Activity — What you return should be the lines from the first line of the records below through the line holding "(forall beta : R, (1", unchanged.

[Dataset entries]
——————

Theorem mainTheorem1 :
  (forall beta : R, 1 < beta <= 11 / 8 ->
     exists h g : CC -> CC, in_P beta h g /\ ~ univalent_D (harm h g)) /\
  (forall gam : R, 1 < gam <= 7 / 4 ->
     in_P ((1 + gam) / 2) (h_gam gam) (g_gam gam) /\
     (forall beta : R, (1 + gam) / 2 <= beta -> in_P beta (h_gam gam) (g_gam gam)) /\
     ~ univalent_D (harm (h_gam gam) (g_gam gam))).
Proof.
  split.
  - intros beta Hb. exists (h_gam (2 * beta - 1)), (g_gam (2 * beta - 1)). split.
    + apply in_P_h_g_gam; lra.
    + apply not_univalent_harm_gam; lra.
  - intros gam Hg. split; [| split].
    + apply in_P_h_g_gam; lra.
    + intros beta Hb. apply in_P_h_g_gam; lra.
    + apply not_univalent_harm_gam; lra.
Qed.
Let loss t w : R := \1_(hit t) w * (1 - r t w).
Let alive k w : R := \1_[set w | (k <= tau w)%N] w.
Let increment k w : R := alive k w * (ltilde hit r mu gamma k w - ell k w).
Let S t w : R := \sum_(1 <= k < t.+1) increment k w.
Let Z t w : R := expR (2 * gamma' * S t w).

Let aliveE k w : alive k w = if (k <= tau w)%N then 1 else 0.
Proof.
by rewrite /alive indicE; case: ifP => h; [rewrite mem_set | rewrite memNset //= h].
Qed.

Let loss01 t w : (1 <= t <= T)%N -> 0 <= loss t w <= 1.
Proof. by move=> tT; have := r01 w tT; rewrite /loss indicE; case: (_ \in _) => /=; lra. Qed.

Let Fmeas_alive k : (1 <= k)%N -> Fmeas (F k.-1) (alive k).
Proof.
move=> k1; apply/(FmeasP (sigmaF _))/measurable_indic.
rewrite (g_sigma_measurableE (sigmaF _)); case: (sigmaF k.-1) => _ FC _.
suff -> : [set w | (k <= tau w)%N] = setT `\` [set w | (tau w <= k.-1)%N] by exact/FC/tau_stopping.
by apply/seteqP; split => w /=; [move=> kt; split => //; apply/negP; lia | case=> _ /negP; lia].
Qed.

Let Fmeas_loss t : (1 <= t <= T)%N -> Fmeas (F t) (loss t).
Proof.
move=> tT; apply/(FmeasP (sigmaF _))/measurable_funM.
  by apply: measurable_indic; rewrite (g_sigma_measurableE (sigmaF _)); exact: hit_meas.
by apply: measurable_funB; [exact: measurable_cst | exact: gmeasurableF (r_meas tT)].
Qed.

Let Fmeas_increment k : (1 <= k <= T)%N -> Fmeas (F k) (increment k).
Proof.
move=> kT; have k1 : (1 <= k)%N by case/andP: kT.
have Fk (f : Omega -> R) : Fmeas (F k.-1) f -> measurable_fun [set: g_sigma_algebraType (F k)] f.
  by move/Fmeas_pred/gmeasurableF.
apply/(FmeasP (sigmaF _))/measurable_funM; first exact: Fk (Fmeas_alive k1).
apply: measurable_funB; last exact: Fk (ell_meas kT).
apply: measurable_funM; first exact: gmeasurableF (Fmeas_loss kT).
apply: measurableT_comp; first exact: measurable_inv.
by apply: measurable_funD; apply: Fk; [exact: mu_meas | exact: gamma_meas].
Qed.

Let S_succ t w : S t.+1 w = S t w + increment t.+1 w.
Proof. by rewrite /S big_nat_recr. Qed.

Let Fmeas_S t : (t <= T)%N -> Fmeas (F t) (S t).
Proof.
elim: t => [_|t IH tT].
  apply/(FmeasP (sigmaF _)); rewrite (_ : S 0 = cst 0); first exact: measurable_cst.
  by apply/funext => w; rewrite /S big_geq.
rewrite (_ : S t.+1 = fun w => S t w + increment t.+1 w); last by apply/funext => w; rewrite S_succ.
apply/(FmeasP (sigmaF _))/measurable_funD; apply: gmeasurableF.
  by apply: (Fmeas_sub (F_mono (leqnSn t))); apply: IH; lia.
by apply: Fmeas_increment; lia.
Qed.

Let Fmeas_Z t : (t <= T)%N -> Fmeas (F t) (Z t).
Proof.
move=> tT; apply/(FmeasP (sigmaF _)); apply: measurableT_comp; first exact: measurable_expR.
apply: measurable_funM; first exact: measurable_cst.
exact: gmeasurableF (Fmeas_S tT).
Qed.

Let drift t w : R := expR (- (2 * gamma' * ell t.+1 w)).
Let base t w : R := Z t w * (1 - alive t.+1 w + alive t.+1 w * drift t w).
Let weight t w : R := Z t w * alive t.+1 w * drift t w * ix_slope (mu t.+1 w) gamma'.

Let Z_succ_le t w : (t < T)%N -> Z t.+1 w <= base t w + weight t w * loss t.+1 w.
Proof.
move=> tT; have tT1 : (1 <= t.+1 <= T)%N by lia.
rewrite /base /weight /Z S_succ /increment aliveE; case: ifP => [alive_t|_]; last first.
  by rewrite !(mul0r, mulr0, addr0, subr0, mulr1).
have /andP[m0 _] := mu01 w tT1.
have key : expR (2 * gamma' * ltilde hit r mu gamma t.+1 w) <=
    1 + loss t.+1 w * ix_slope (mu t.+1 w) gamma'.
  exact: expR_ix_le (loss01 w tT1) m0 gamma'_gt0 (gamma'_le (ltn0Sn t) alive_t).
have ZD0 : 0 <= expR (2 * gamma' * S t w) * drift t w by rewrite mulr_ge0 ?expR_ge0.
have := ler_wpM2l ZD0 key.
have -> : expR (2 * gamma' * (S t w + 1 * (ltilde hit r mu gamma t.+1 w - ell t.+1 w))) =
    expR (2 * gamma' * S t w) * drift t w * expR (2 * gamma' * ltilde hit r mu gamma t.+1 w).
  by rewrite /drift -!expRD; congr expR; ring.
lra.
Qed.

Let drift_le t w : (t < T)%N ->
  base t w + weight t w * (mu t.+1 w * ell t.+1 w) <= Z t w.
Proof.
move=> tT; have tT1 : (1 <= t.+1 <= T)%N by lia.
rewrite /base /weight aliveE; case: ifP => _; last by rewrite !(mul0r, mulr0, addr0, subr0, mulr1).
have /andP[m0 _] := mu01 w tT1; have /andP[l0 _] := ell01 w tT1.
have := ler_wpM2l (expR_ge0 (2 * gamma' * S t w)) (expR_ix_drift_le1 m0 l0 gamma'_gt0).
rewrite /Z /drift; lra.
Qed.

Let Fmeas_drift t : (t < T)%N -> Fmeas (F t) (drift t).
Proof.
move=> tT; apply/(FmeasP (sigmaF _)); apply: measurableT_comp; first exact: measurable_expR.
apply: measurable_funN; apply: measurable_funM; first exact: measurable_cst.
by apply: gmeasurableF; apply: (ell_meas (t := t.+1)); lia.
Qed.

Let alive01 k w : alive k w = 0 \/ alive k w = 1.
Proof. by rewrite aliveE; case: ifP; [right | left]. Qed.

Let base_ge0 t w : 0 <= base t w.
Proof.
rewrite /base mulr_ge0 ?expR_ge0 //.
by case: (alive01 t.+1 w) => ->; rewrite ?mul0r ?mul1r ?subrr ?subr0 ?addr0 ?add0r ?expR_ge0.
Qed.

Let weight_ge0 t w : (t < T)%N -> 0 <= weight t w.
Proof.
move=> tT; have /andP[m0 _] : 0 <= mu t.+1 w <= 1 by apply: mu01; lia.
by rewrite /weight !mulr_ge0 ?expR_ge0 ?ix_slope_ge0 //; case: (alive01 t.+1 w) => ->.
Qed.

Let measurableF t (f : Omega -> R) : Fmeas (F t) f -> measurable_fun setT f.
Proof. exact: Fmeas_measurable (@F_measurable t). Qed.

Let Fmeas_base t : (t < T)%N -> Fmeas (F t) (base t).
Proof.
move=> tT; apply/(FmeasP (sigmaF t))/measurable_funM; first exact: gmeasurableF (Fmeas_Z (ltnW tT)).
have Falive := gmeasurableF (Fmeas_alive (ltn0Sn t)).
apply: measurable_funD; first by apply: measurable_funB => //; exact: measurable_cst.
by apply: measurable_funM => //; exact: gmeasurableF (Fmeas_drift tT).
Qed.

Let Fmeas_weight t : (t < T)%N -> Fmeas (F t) (weight t).
Proof.
move=> tT; have tT1 : (1 <= t.+1 <= T)%N by lia.
apply/(FmeasP (sigmaF t))/measurable_funM.
  apply: measurable_funM; last exact: gmeasurableF (Fmeas_drift tT).
  by apply: measurable_funM; [exact: gmeasurableF (Fmeas_Z (ltnW tT)) | exact: gmeasurableF (Fmeas_alive (ltn0Sn t))].
apply: measurable_funB; last exact: measurable_cst.
apply: measurableT_comp; first exact: measurable_expR.
apply: measurable_funM; first exact: measurable_cst.
apply: measurableT_comp; first exact: measurable_inv.
by apply: measurable_funD; [exact: gmeasurableF (mu_meas tT1) | exact: measurable_cst].
Qed.

Let integral_weight_loss_le t : (t < T)%N ->
  (\int[P]_(w in setT) (weight t w * loss t.+1 w)%:E <=
   \int[P]_(w in setT) (weight t w * (mu t.+1 w * ell t.+1 w))%:E)%E.
Proof.
move=> tT; have tT1 : (1 <= t.+1 <= T)%N by lia.
have [_ cond] := loss_cond_exp tT1.
have mean01 w : 0 <= mu t.+1 w * ell t.+1 w <= 1.
  by have /andP[? ?] := mu01 w tT1; have /andP[? ?] := ell01 w tT1; apply/andP; split; nra.
apply: le_integral_sub_measurable_weight (@F_measurable t) _ _ _ mean01 cond
  (Fmeas_weight tT) (fun w => weight_ge0 w tT).
- exact: measurableF (Fmeas_loss tT1).
- by apply: measurable_funM; apply: measurableF; [exact: mu_meas tT1 | exact: ell_meas tT1].
- by move=> w; case/andP: (loss01 w tT1).
Qed.

Let integral_Z_succ_le t : (t < T)%N ->
  (\int[P]_(w in setT) (Z t.+1 w)%:E <= \int[P]_(w in setT) (Z t w)%:E)%E.
Proof.
move=> tT; have tT1 : (1 <= t.+1 <= T)%N by lia.
have mbase := measurableF (Fmeas_base tT); have mweight := measurableF (Fmeas_weight tT).
have mloss := measurableF (Fmeas_loss tT1).
have mmean : measurable_fun setT (fun w => mu t.+1 w * ell t.+1 w).
  by apply: measurable_funM; apply: measurableF; [exact: mu_meas tT1 | exact: ell_meas tT1].
have loss_ge0 w : 0 <= loss t.+1 w by case/andP: (loss01 w tT1).
have mean_ge0 w : 0 <= mu t.+1 w * ell t.+1 w.
  by have /andP[? _] := mu01 w tT1; have /andP[? _] := ell01 w tT1; rewrite mulr_ge0.
have weight_ge0' w := weight_ge0 w tT.
apply: (@le_trans _ _ (\int[P]_(w in setT) ((base t w + weight t w * loss t.+1 w)%:E))%E).
  apply: ge0_le_integral_EFin => [||w|w]; last exact: Z_succ_le.
  - exact: measurableF (Fmeas_Z tT).
  - by apply: measurable_funD => //; exact: measurable_funM.
  - exact: expR_ge0.
rewrite ge0_integralD_EFin //; [|exact: measurable_funM|by move=> w; rewrite mulr_ge0].
apply: le_trans (leeD2l _ (integral_weight_loss_le tT)) _.
rewrite -ge0_integralD_EFin //; [|exact: measurable_funM|by move=> w; rewrite mulr_ge0].
apply: ge0_le_integral_EFin => [||w|w]; last exact: drift_le.
- by apply: measurable_funD => //; exact: measurable_funM.
- exact: measurableF (Fmeas_Z (ltnW tT)).
- by rewrite addr_ge0 // mulr_ge0.
Qed.

Let integral_Z_le1 t : (t <= T)%N -> (\int[P]_(w in setT) (Z t w)%:E <= 1)%E.
Proof.
elim: t => [_|t IH tT]; last exact: le_trans (integral_Z_succ_le tT) (IH (ltnW tT)).
rewrite (_ : (fun w => (Z 0 w)%:E) = cst 1%E).
  by rewrite integral_cst // mul1e probability_le1.
by apply/funext => w; rewrite /Z /S big_geq // mulr0 expR0.
Qed.

Let stopped_sumE w : Ltilde hit r mu gamma (tau w) w - Lcum ell (tau w) w = S T w.
Proof.
rewrite /Ltilde /Lcum /S -sumrB (@big_cat_nat _ _ _ (tau w).+1 1 T.+1) //= ?ltnS //.
rewrite [X in _ = _ + X]big_nat_cond [X in _ = _ + X]big1 ?addr0; last first.
  by move=> k /andP[/andP[tk _] _]; rewrite /increment aliveE leqNgt tk mul0r.
by apply: eq_big_nat => k /andP[_ kt]; rewrite /increment aliveE -ltnS kt mul1r.
Qed.

Let measurable_stopped_deviation :
  measurable_fun setT (fun w => Ltilde hit r mu gamma (tau w) w - Lcum ell (tau w) w).
Proof.
rewrite (_ : (fun w => _) = S T); first exact: measurableF (Fmeas_S (leqnn T)).
by apply/funext => w; rewrite stopped_sumE.
Qed.

Let integral_expR_stopped_deviation_le1 :
  (\int[P]_(w in setT)
     (expR (2 * gamma' * (Ltilde hit r mu gamma (tau w) w - Lcum ell (tau w) w)))%:E <= 1)%E.
Proof.
under eq_integral do rewrite stopped_sumE.
exact: integral_Z_le1.
Qed.

Lemma stopped_ix_deviation (delta : R) : 0 < delta ->
  ((1 - delta)%:E <= P [set w | (Ltilde hit r mu gamma (tau w) w - Lcum ell (tau w) w
                                 <= ln delta^-1 / (2 * gamma'))%R])%E.
Proof.
move=> delta_gt0; have lam_gt0 : 0 < 2 * gamma' by rewrite mulr_gt0.
exact: exp_moment_deviation measurable_stopped_deviation lam_gt0 delta_gt0
  integral_expR_stopped_deviation_le1.
Qed.

End stopped_ix_supermartingale.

——————

Completed task —
Theorem mainTheorem1 :
  (forall beta : R, 1 < beta <= 11 / 8 ->
     exists h g : CC -> CC, in_P beta h g /\ ~ univalent_D (harm h g)) /\
  (forall gam : R, 1 < gam <= 7 / 4 ->
     in_P ((1 + gam) / 2) (h_gam gam) (g_gam gam) /\
     (forall beta : R, (1 + gam) / 2 <= beta -> in_P beta (h_gam gam) (g_gam gam)) /\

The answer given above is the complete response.